Start with the first line of the data and end with the line that holds "Lemma Eu_ffun_prod I"; write out each one exactly.

[Stored data entries]

━━━━━━━━━━━━━━━━━━━━

Lemma Varu_affine T (a c : R) (f : T -> R) : (0 < #|T|)%N ->
  Varu (fun w => a * f w + c) = a ^+ 2 * (Eu (fun w => f w ^+ 2) - Eu f ^+ 2).
Proof.
move=> T_gt0; rewrite /Varu Eu_affine //.
rewrite (@eq_Eu _ _ (fun w => a ^+ 2 * f w ^+ 2 + (- (2 * a ^+ 2 * Eu f)) * f w
   + a ^+ 2 * Eu f ^+ 2)); last by move=> w; ring.
by rewrite !Eu_add Eu_cst // !Eu_scale; ring.
Qed.

Lemma Eu_pair I J (F : I * J -> R) : Eu F = Eu (fun i => Eu (fun j => F (i, j))).
Proof.
rewrite /Eu card_prod natrM invfM (eq_bigr (fun w => F (w.1, w.2))); last by case.
rewrite -(pair_bigA _ (fun i j => F (i, j))) /= mulr_suml [RHS]mulr_suml.
by apply: eq_bigr => i _; rewrite mulrAC mulrA.
Qed.

Lemma Eu_ffun_prod I J (F : I -> J -> R) :
  Eu (fun h : {ffun I -> J} => \prod_i F i (h i)) = \prod_i Eu (F i).
Proof.
by rewrite /Eu -bigA_distr_bigA card_ffun natrX big_split /= prodr_const exprVn.
Qed.

Lemma Eu_ffun_coord I J (i : I) (f : J -> R) : (0 < #|J|)%N ->
  Eu (fun h : {ffun I -> J} => f (h i)) = Eu f.
Proof.
move=> J_gt0; pose F t := if t == i then f else fun _ => 1.
have Fi (h : {ffun I -> J}) : \prod_t F t (h t) = f (h i).
  by rewrite (bigD1 i) //= /F eqxx big1 ?mulr1 // => t /negbTE ->.
rewrite -(eq_Eu Fi) Eu_ffun_prod (bigD1 i) //= /F eqxx big1 ?mulr1 //.
by move=> t /negbTE ->; apply: Eu_cst.
Qed.

Lemma Eu_ffun_coord2 I J (i i' : I) (f g : J -> R) : (0 < #|J|)%N -> i != i' ->
  Eu (fun h : {ffun I -> J} => f (h i) * g (h i')) = Eu f * Eu g.
Proof.
move=> J_gt0 ii'; have i'i : i' != i by rewrite eq_sym.
pose F t := if t == i then f else if t == i' then g else fun _ => 1.
have Fii' (h : {ffun I -> J}) : \prod_t F t (h t) = f (h i) * g (h i').
  rewrite (bigD1 i) //= (bigD1 i') //= /F eqxx (negbTE i'i) eqxx mulrA.
  by rewrite big1 ?mulr1 // => t /andP[/negbTE -> /negbTE ->].
rewrite -(eq_Eu Fii') Eu_ffun_prod (bigD1 i) //= (bigD1 i') //= /F eqxx.
rewrite (negbTE i'i) eqxx mulrA big1 ?mulr1 //.
by move=> t /andP[/negbTE -> /negbTE ->]; apply: Eu_cst.
Qed.

Lemma sumr_delta I (i : I) (F : I -> R) : \sum_j (i == j)%:R * F j = F i.
Proof.
rewrite (bigD1 i) //= eqxx mul1r big1 ?addr0 // => j ij.
by rewrite eq_sym (negbTE ij) mul0r.
Qed.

━━━━━━━━━━━━━━━━━━━━

Result below ::
Lemma Varu_affine T (a c : R) (f : T -> R) : (0 < #|T|)%N ->
  Varu (fun w => a * f w + c) = a ^+ 2 * (Eu (fun w => f w ^+ 2) - Eu f ^+ 2).
Proof.
move=> T_gt0; rewrite /Varu Eu_affine //.
rewrite (@eq_Eu _ _ (fun w => a ^+ 2 * f w ^+ 2 + (- (2 * a ^+ 2 * Eu f)) * f w
   + a ^+ 2 * Eu f ^+ 2)); last by move=> w; ring.
by rewrite !Eu_add Eu_cst // !Eu_scale; ring.
Qed.

Lemma Eu_pair I J (F : I * J -> R) : Eu F = Eu (fun i => Eu (fun j => F (i, j))).
Proof.
rewrite /Eu card_prod natrM invfM (eq_bigr (fun w => F (w.1, w.2))); last by case.
rewrite -(pair_bigA _ (fun i j => F (i, j))) /= mulr_suml [RHS]mulr_suml.
by apply: eq_bigr => i _; rewrite mulrAC mulrA.
Qed.

Lemma Eu_ffun_prod I J (F : I -> J -> R) :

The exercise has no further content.